Menjadi masalah besar, di balik tuduhan mengkafirkan orang lain itu sesungguhnya terdapat
sikap yang dilarang oleh Islam, yakni takabbur, ‘ujub, dan merendahkan orang lain. Selain itu juga,
dia merasa bahwa dirinya paling benar, yang lain salah; paling baik, yang lain buruk; paling Islami,
yang lain tidak Islami; bahkan bisa jadi merasa paling suci dan paling benar sendiri, sehingga
surga hanya menjadi haknya.

Sikap takfir semacam ini pernah terjadi pada masa lalu dalam sejarah keislaman. Terbunuhnya
Khalifah Utsman bin Affan, yang kemudian memicu terjadinya perang shiffin antara pasukan Ali
bin Abi Thalib dan Mu’awiyah, dan perang jamal antara Ali bin Abi Thalib dan Sayyidatina ‘Aisyah
ra, adalah akibat dari sikap mengkafirkan orang lain (takfir). Semuanya adalah sahabat dan
keluarga Nabi SAW yang kita hormati. Namun, akibat perbedaan politik yang dibungkus dengan
argumentasi agama sebagian pihak mengkafirkan pihak lain.
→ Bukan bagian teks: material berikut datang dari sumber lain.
(* Let $T$ be the weighted shift $Te_n=a_ne_{n+1}$ with a bounded sequence of nonzero weights. Then $\mathcal A_T$ is a (non-unital) integral domain: if $R,S\in\mathcal A_T$ are nonzero, then $RS\ne0$. Consequently, if $T$ is moreover quasinilpotent, every nonzero element of $\mathcal A_T$ is quasinilpotent but not nilpotent.
   Context: $H$ is a complex Hilbert space with orthonormal basis $\{e_n\}_{n\ge0}$, $(a_n)_{n\ge0}$ is a bounded sequence of nonzero complex numbers, $Te_n=a_ne_{n+1}$, and $\mathcal A_T$ is the operator-norm closure in $\mathcal B(H)$ of the polynomials $p(T)$ with $p(0)=0$. *)

From HB Require Import structures.
From mathcomp Require Import all_boot all_order all_algebra.
From mathcomp Require Import all_classical all_reals all_analysis.
From mathcomp Require Import complex.
Set Implicit Arguments. Unset Strict Implicit. Unset Printing Implicit Defensive.
Import Order.TTheory GRing.Theory Num.Theory numFieldNormedType.Exports.
Local Open Scope ring_scope.

(* H is modelled as l^2(N, C): e_n is the n-th coordinate vector. *)
Section L2.
Variable R : realType.
Local Notation C := (R[i]).

Definition sqmod (z : C) : R := (complex.Re z) ^+ 2 + (complex.Im z) ^+ 2.

Definition vec := nat -> C.

Definition l2 (x : vec) : Prop := cvgn (series (fun n => sqmod (x n) : R)).

Definition l2norm (x : vec) : R := Num.sqrt (limn (series (fun n => sqmod (x n) : R))).

Definition vsub (x y : vec) : vec := fun n => x n - y n.

(* operators are maps on sequences; only their action on l2 is relevant *)
Definition op := vec -> vec.

Definition bounded_op (A : op) : Prop :=
  [/\ forall x, l2 x -> l2 (A x),
      forall (c : C) x y, l2 x -> l2 y ->
        A (fun n => c * x n + y n) = (fun n => c * A x n + A y n)
    & exists M : R, forall x, l2 x -> l2norm (A x) <= M * l2norm x].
Penjelasan ini penting bagi PMI untuk bersikap terhadap perbedaan-perbedaan yang mungkin
terjadi dan dihadapi pada saat berada di negara tujuan bekerja. PMI tidak sepatutnya terlibat
dalam mengkafirkan dan juga dikafirkan karena perbedaan yang ada. Sikap toleransi (tasamuh)
atas perbedaan adalah sikap yang paling bijaksana.